I work as a software developer at a small company and I was recently informed by my boss that our tech guy snuck into the dev office and did "something" to my computer while i was away. I know that the owner of the company has installed monitoring software on all of the PC computers in the office so i suspect that he did the same thing to mine (or tried to). How to i go about finding this software and removing it if it exists?

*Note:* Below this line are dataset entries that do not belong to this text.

(* Let $X$ be a Banach lattice with order continuous norm, and let $S$ be a convex $C_0$-semigroup on $X$ with generator $A\colon D(A)\subset X\to X$. Then $A$ is closed: for every sequence $(x_n)_{n\in\mathbb N}$ in $D(A)$ with $x_n\to x\in X$ and $Ax_n\to y\in X$, it holds $x\in D(A)$ and $Ax=y$.
   Context: A Banach lattice $X$ has order continuous norm if $\|x_\alpha\|\to 0$ for every net $x_\alpha\downarrow 0$. An operator $T\colon X\to X$ is convex if $T(\lambda x+(1-\lambda)y)\le \lambda Tx+(1-\lambda)Ty$ for all $x,y$, $\lambda\in[0,1]$, and bounded if $\sup_{\|x\|\le r}\|Tx\|<\infty$ for all $r>0$. A convex $C_0$-semigroup is a family $(S(t))_{t\ge0}$ of bounded convex operators $X\to X$ with $S(0)=\mathrm{id}$, $S(t+s)=S(t)S(s)$ for all $s,t\ge0$, and $S(t)x\to x$ as $t\downarrow 0$ for all $x$. Its generator is $Ax:=\lim_{h\downarrow 0}\frac{S(h)x-x}{h}$ with domain $D(A)$ the set of $x$ for which this norm limit exists. *)

From HB Require Import structures.
From mathcomp Require Import all_boot all_order all_algebra.
From mathcomp Require Import all_classical all_reals all_analysis.
Set Implicit Arguments. Unset Strict Implicit. Unset Printing Implicit Defensive.
Import Order.TTheory GRing.Theory Num.Theory.
Import numFieldNormedType.Exports.
Local Open Scope classical_set_scope.
Local Open Scope ring_scope.

Section Defs.
Context {R : realType} {V : completeNormedModType R}.

Definition lmod (join : V -> V -> V) (x : V) : V := join x (- x).

Record BanachLattice (le : V -> V -> Prop) (join : V -> V -> V) : Prop := {
  bl_refl : forall x, le x x;
  bl_antisym : forall x y, le x y -> le y x -> x = y;
  bl_trans : forall x y z, le x y -> le y z -> le x z;
  bl_add : forall x y z, le x y -> le (x + z) (y + z);
  bl_scale : forall (a : R) x y, 0 <= a -> le x y -> le (a *: x) (a *: y);
  bl_join_l : forall x y, le x (join x y);
  bl_join_r : forall x y, le y (join x y);
  bl_join_least : forall x y z, le x z -> le y z -> le (join x y) z;
  bl_norm : forall x y, le (lmod join x) (lmod join y) -> `|x| <= `|y|
}.

(* Order continuous norm: ||x_a|| -> 0 for every net x_a decreasing to 0
   (i.e. decreasing with infimum 0). A net is indexed by a nonempty
   directed preordered set (I, r). *)
Definition order_continuous_norm (le : V -> V -> Prop) : Prop :=
  forall (I : Type) (r : I -> I -> Prop) (x : I -> V),
    inhabited I ->
    (forall i, r i i) ->
    (forall i j k, r i j -> r j k -> r i k) ->
    (forall i j, exists k, r i k /\ r j k) ->
    (forall i j, r i j -> le (x j) (x i)) ->
    (forall i, le 0 (x i)) ->
    (forall z, (forall i, le z (x i)) -> le z 0) ->
    forall eps : R, 0 < eps ->
      exists i0, forall i, r i0 i -> `|x i| < eps.

Definition convex_op (le : V -> V -> Prop) (T : V -> V) : Prop :=
  forall (x y : V) (l : R), 0 <= l <= 1 ->
    le (T (l *: x + (1 - l) *: y)) (l *: T x + (1 - l) *: T y).

Definition bounded_op (T : V -> V) : Prop :=
  forall r : R, 0 < r -> exists M : R, forall x : V, `|x| <= r -> `|T x| <= M.

(* S t is only relevant for t >= 0. *)
Definition convex_C0_semigroup (le : V -> V -> Prop) (S : R -> V -> V) : Prop :=
  [/\ (forall t, 0 <= t -> convex_op le (S t) /\ bounded_op (S t)),
      (forall x, S 0 x = x),
      (forall t s x, 0 <= t -> 0 <= s -> S (t + s) x = S t (S s x)) &
      (forall x, S t x @[t --> 0^'+] --> x)].

Definition gen_domain (S : R -> V -> V) : set V :=
  [set x | cvg ((h^-1 *: (S h x - x)) @[h --> 0^'+])].

Definition generator (S : R -> V -> V) (x : V) : V :=
  lim ((h^-1 *: (S h x - x)) @[h --> 0^'+]).

End Defs.

(* Convexity turns the increments of each S(s) into order bounds: for 0 <= h <= 1,
     h (S(s)u - S(s)(u - w)) <= S(s)(u + h w) - S(s)u <= h (S(s)(u + w) - S(s)u).
   If S(h)u = u + h w with w close to Au, then S(m h)u - u is a telescoping sum of
   such increments, so the positive and negative parts of S(t)u - u - t y, and
   hence its norm, are bounded by t times the distance by which the S(s), s < t,
   move u + w, u, u - w away from x + y, x, x - y.  These distances are small
   uniformly in small s and in nearby starting points: by a Baire category
   argument the convex continuous operators S(s) are uniformly bounded near each
   point for small s, hence uniformly Lipschitz there.  Taking u = u_n and letting
   n go to infinity, by continuity of S(t), gives |S(t)x - x - t y| <= t e for
   small t. *)

From HB Require Import structures.
From mathcomp Require Import all_boot all_order all_algebra.
From mathcomp Require Import all_classical all_reals all_analysis.
From mathcomp Require Import ring lra.
Import Order.TTheory GRing.Theory Num.Theory.
Import numFieldNormedType.Exports.
Import Num.Def.
Local Open Scope classical_set_scope.
Local Open Scope ring_scope.

Lemma norm_subB_le {K : numDomainType} {W : normedZmodType K} (a b x y : W) :
  `|a - b - y| <= `|a - (x + y)| + `|b - x|.
Proof.
rewrite -addrA -opprD; apply: le_trans (ler_distD (x + y) _ _) _.
by rewrite lerD2l opprD addrACA subrr addr0 distrC.
Qed.

Section Baire.
Context {R : realType} {V : completeNormedModType R}.

Lemma eventually_bounded_on_ball (f : nat -> V -> R) :
  (forall n, continuous (f n)) ->
  (forall z, exists M N, forall n, (N <= n)%N -> f n z <= M) ->
  exists x0 r k, 0 < r /\
    forall n z, (k <= n)%N -> `|x0 - z| < r -> f n z <= k%:R.
Proof.
move=> fC fB.
pose O k := [set z | exists2 n, (k <= n)%N & k%:R < f n z].
have O_open k : open (O k).
  rewrite openE => z [n kn fz]; rewrite /interior.
  have /cvgrPdist_lt /(_ (f n z - k%:R)) := fC n z.
  rewrite subr_gt0 => /(_ fz); apply: filterS => w fzw.
  by exists n => //; have := ler_norm (f n z - f n w); lra.
have O_not_cover z : exists k, ~ O k z.
  have [M [N fM]] := fB z.
  exists (maxn N (truncn M).+1) => -[n]; rewrite geq_max => /andP[Nn _].
  rewrite ltNge => /negP; apply; apply: le_trans (fM n Nn) _.
  by apply: le_trans (ltW (truncnS_gt M)) _; rewrite ler_nat leq_maxr.
have [k Ok] : exists k, ~ dense (O k).
  apply: contrapT => dense_all.
  have O_dense k : open (O k) /\ dense (O k).
    by split=> //; apply: contrapT => Ok; apply: dense_all; exists k.
  have [z [_ Oz]] := Baire O_dense (ex_intro _ 0 I) openT.
  by have [k' /(_ (Oz k' I))] := O_not_cover z.
have [U [[x0 x0U] UOk]] := denseNE Ok.
have /nbhs_ballP[r r0 ballU] := open_nbhs_nbhs x0U.
exists x0, r, k; split=> // n z kn x0z; rewrite leNgt; apply/negP => fz.
have : (U `&` O k) z by split; [apply: ballU; rewrite -ball_normE | exists n].
by rewrite UOk.
Qed.

End Baire.

Section BanachLattice.
Context {R : realType} {V : completeNormedModType R}.
Context {le : V -> V -> Prop} {join : V -> V -> V}.
Hypothesis hBL : BanachLattice le join.

Definition pos_part (z : V) : V := join z 0.

Lemma le_addr {a b} c : le a b -> le (a + c) (b + c).
Proof. by move=> ab; exact: (bl_add hBL c ab). Qed.

Lemma le_add {a b c d} : le a b -> le c d -> le (a + c) (b + d).
Proof.
move=> ab cd; apply: (bl_trans hBL (le_addr c ab)).
by rewrite ![b + _]addrC; exact: le_addr.
Qed.

Lemma le_subl {a b c} : le a (b + c) -> le (a - b) c.
Proof. by move/(le_addr (- b)); rewrite addrAC subrr add0r. Qed.

Lemma le_opp {a b} : le a b -> le (- b) (- a).
Proof. by move/(le_addr (- a - b)); rewrite addrA subrr add0r addrC subrK. Qed.

Lemma le_oppr {a b c} : le a (b + c) -> le (- c) (b - a).
Proof.
move/(le_addr (- a - c)).
by rewrite addrA subrr add0r addrACA subrr addr0.
Qed.

Lemma le_add_sub {a b c d} : le (a + b) (c + d) -> le (b - d) (c - a).
Proof.
move/(le_addr (- a - d)).
by rewrite addrACA subrr add0r addrACA subrr addr0.
Qed.

Lemma pos_part_ge z : le z (pos_part z).
Proof. exact: (bl_join_l hBL). Qed.

Lemma pos_part_ge0 z : le 0 (pos_part z).
Proof. exact: (bl_join_r hBL). Qed.

Lemma pos_part_le {a b} : le a b -> le (pos_part a) (pos_part b).
Proof.
move=> ab; apply: (bl_join_least hBL); last exact: pos_part_ge0.
exact: (bl_trans hBL ab (pos_part_ge b)).
Qed.

Lemma pos_part0 : pos_part 0 = 0.
Proof.
apply: (bl_antisym hBL); last exact: pos_part_ge0.
by apply: (bl_join_least hBL); exact: (bl_refl hBL).
Qed.

Lemma pos_partD a b : le (pos_part (a + b)) (pos_part a + pos_part b).
Proof.
apply: (bl_join_least hBL); first exact: le_add (pos_part_ge a) (pos_part_ge b).
by rewrite -[0]addr0; exact: le_add (pos_part_ge0 a) (pos_part_ge0 b).
Qed.

Lemma ge0_lmod {a} : le 0 a -> lmod join a = a.
Proof.
move=> a0; apply: (bl_antisym hBL); last exact: (bl_join_l hBL).
apply: (bl_join_least hBL); first exact: (bl_refl hBL).
apply: (bl_trans hBL _ a0).
by move/(le_addr (- a)): a0; rewrite add0r subrr.
Qed.

Lemma lmod_ge0 z : le 0 (lmod join z).
Proof.
set J := lmod join z.
have JJ : le 0 (J + J).
  by rewrite -(subrr z); exact: le_add (bl_join_l hBL _ _) (bl_join_r hBL _ _).
have half_ge0 : (0 : R) <= 2^-1 by rewrite invr_ge0 ler0n.
move: (bl_scale hBL half_ge0 JJ).
have -> : J + J = 2%:R *: J by rewrite scaler_nat mulr2n.
by rewrite scaler0 scalerA mulVf ?pnatr_eq0 // scale1r.
Qed.

Lemma ge0_le_norm {a b} : le 0 a -> le a b -> `|a| <= `|b|.
Proof.
move=> a0 ab; apply: (bl_norm hBL).
by rewrite !ge0_lmod //; exact: (bl_trans hBL a0 ab).
Qed.

Lemma norm_pos_part_le z : `|pos_part z| <= `|z|.
Proof.
apply: (bl_norm hBL); rewrite ge0_lmod; last exact: pos_part_ge0.
by apply: (bl_join_least hBL); [exact: (bl_join_l hBL) | exact: lmod_ge0].
Qed.

Lemma norm_pos_part_le_norm {a b} : le a b -> `|pos_part a| <= `|b|.
Proof.
move=> ab; apply: le_trans (norm_pos_part_le b).
exact: ge0_le_norm (pos_part_ge0 a) (pos_part_le ab).
Qed.

Lemma norm_pos_partD a b : `|pos_part (a + b)| <= `|pos_part a| + `|pos_part b|.
Proof.
apply: le_trans (ler_normD _ _).
exact: ge0_le_norm (pos_part_ge0 _) (pos_partD a b).
Qed.

Lemma norm_pos_part_le_add {a b c} :
  le a (b + c) -> `|pos_part a| <= `|pos_part b| + `|c|.
Proof.
move=> abc; apply: le_trans (ge0_le_norm (pos_part_ge0 a) (pos_part_le abc)) _.
by apply: le_trans (norm_pos_partD b c) _; rewrite lerD2l norm_pos_part_le.
Qed.

Lemma norm_pos_part_sum (I : Type) (r : seq I) (f : I -> V) :
  `|pos_part (\sum_(i <- r) f i)| <= \sum_(i <- r) `|pos_part (f i)|.
Proof.
elim: r => [|i r IH]; first by rewrite !big_nil pos_part0 normr0.
by rewrite !big_cons; apply: le_trans (norm_pos_partD _ _) _; rewrite lerD2l.
Qed.

Lemma norm_le_pos_part z : `|z| <= `|pos_part z| + `|pos_part (- z)|.
Proof.
have z0 : le 0 (pos_part z + pos_part (- z)).
  by rewrite -[0]addr0; exact: le_add (pos_part_ge0 _) (pos_part_ge0 _).
apply: le_trans (ler_normD _ _); apply: (bl_norm hBL); rewrite (ge0_lmod z0).
apply: (bl_join_least hBL).
- by rewrite -{1}[z]addr0; exact: le_add (pos_part_ge z) (pos_part_ge0 _).
- by rewrite -{1}[- z]add0r; exact: le_add (pos_part_ge0 z) (pos_part_ge _).
Qed.

Lemma norm_sum_le_pos_part (I : Type) (r : seq I) (f : I -> V) :
  `|\sum_(i <- r) f i| <=
    \sum_(i <- r) `|pos_part (f i)| + \sum_(i <- r) `|pos_part (- f i)|.
Proof.
apply: le_trans (norm_le_pos_part _) _; rewrite -sumrN.
by apply: lerD; exact: norm_pos_part_sum.
Qed.

Lemma convex_incr_le {T : V -> V} a v (h : R) : convex_op le T -> 0 <= h <= 1 ->
  le (T (a + h *: v) - T a) (h *: (T (a + v) - T a)).
Proof.
move=> cT h01; have := cT (a + v) a h h01.
have -> : h *: (a + v) + (1 - h) *: a = a + h *: v.
  by rewrite scalerDr scalerBl scale1r addrC addrA subrK addrC.
have -> : h *: T (a + v) + (1 - h) *: T a = T a + h *: (T (a + v) - T a).
  by rewrite scalerDr scalerBl scale1r scalerN addrCA.
exact: le_subl.
Qed.

Lemma convex_incr_ge {T : V -> V} a v (h : R) : convex_op le T -> 0 <= h ->
  le (h *: (T a - T (a - v))) (T (a + h *: v) - T a).
Proof.
move=> cT h0; have h1 : 0 < 1 + h by rewrite ltr_pwDl.
pose l := (1 + h)^-1.
have l01 : 0 <= l <= 1 by rewrite invr_ge0 (ltW h1) /= invf_le1 // lerDl.
have lh : 1 - l = h * l by rewrite /l; field; rewrite lt0r_neq0.
have hl : (1 + h) * l = 1 by rewrite mulfV // lt0r_neq0.
(* [a] is the convex combination of [a + h v] and [a - v] with weights [1 : h]. *)
have := cT (a + h *: v) (a - v) l l01.
have -> : l *: (a + h *: v) + (1 - l) *: (a - v) = a.
  rewrite lh mulrC -scalerA -scalerDr scalerBr addrACA subrr addr0.
  by rewrite -{1}[a]scale1r -scalerDl scalerA mulrC hl scale1r.
move/(bl_scale hBL (ltW h1)); rewrite scalerDr !scalerA hl lh mulrCA hl mulr1.
by rewrite scale1r scalerDl scale1r scalerBr => /le_add_sub.
Qed.

Lemma convex_midpoint {T : V -> V} a b : convex_op le T ->
  le (T (2^-1 *: (a + b))) (2^-1 *: (T a + T b)).
Proof.
have half : (1 - 2^-1 : R) = 2^-1 by field.
have half01 : 0 <= (2^-1 : R) <= 1.
  by rewrite invr_ge0 ler0n invf_le1 ?ltr0n // ler1n.
by move=> /(_ a b _ half01); rewrite half -!scalerDr.
Qed.

Lemma norm_pos_part_convex_mid {T : V -> V} a b : convex_op le T ->
  `|pos_part (T (2^-1 *: (a + b)))| <= `|T a| + `|T b|.
Proof.
move=> /(convex_midpoint a b)/norm_pos_part_le_norm mid; apply: le_trans mid _.
rewrite normrZ ger0_norm ?invr_ge0 ?ler0n // ler_pdivrMl ?ltr0n //.
by apply: le_trans (ler_normD _ _) _; rewrite ler_peMl ?ler1n ?addr_ge0.
Qed.

Lemma norm_pos_part_convex_opp {T : V -> V} p w : convex_op le T ->
  `|pos_part (- T w)| <= `|pos_part (T (p *+ 2 - w))| + 2 * `|T p|.
Proof.
move=> /(convex_midpoint w (p *+ 2 - w)).
have -> : 2^-1 *: (w + (p *+ 2 - w)) = p.
  rewrite subrKC -[p *+ 2]scaler_nat scalerA.
  by rewrite mulVf ?pnatr_eq0 // scale1r.
move/(bl_scale hBL (ler0n R 2)); rewrite scalerA mulfV ?pnatr_eq0 // scale1r.
rewrite addrC => /le_oppr/norm_pos_part_le_add opp; apply: le_trans opp _.
by rewrite normrN normrZ ger0_norm ?ler0n.
Qed.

Note: i'm on a Macbook pro, Sierra 10.12.4 and i have access to the admin/root account.


----------



## Confounded Also (Aug 19, 2015)

If it's a company owned machine, they can install whatever they wish. You trying to remove it could cost yourself your job.


----------



## dallascaley (May 29, 2017)

I’m not asking about how this will affect my job. I’m a salaried employee with over a decade of experience and in my opinion I should not be judged by whether or not i want to look at a few cat pics on pinterest while i’m sitting at my desk but rather on the quality of my output. 

Frankly i find this practice very offensive and as i live in one of the best places on the planet to be software developer and my resume is impressive i’m sure i will have no problem finding another position at a more progressive company right across town if worse comes to worse. 

What i am asking though is whether or not they actually did anything. I need to know if i should be angry or not. does that make sense?


----------



## MartyF81 (Jan 23, 2013)

Wether you agree with it or not.... its between you and your boss. As my parents told me many times as a kid "My house, my rules".

Either way, this forum does not provide support for circumventing security, restrictions, etc...


----------



## justmacanswers (Jun 16, 2017)

You should simply ask your IT team if they installed something. If they are guarded in responding, then you will know. I worked in an IT team for over 10 years and we had to install certain software called JAMF for deployment and inventory reasons. We didn't have time to spy on people. I was always honest and up front. We never connected to a persons machine unless they gave us permission. We always wanted to maintain an environment of trust. If you go to another company they might be using the same software.  Just get your own laptop to avoid any headaches.


----------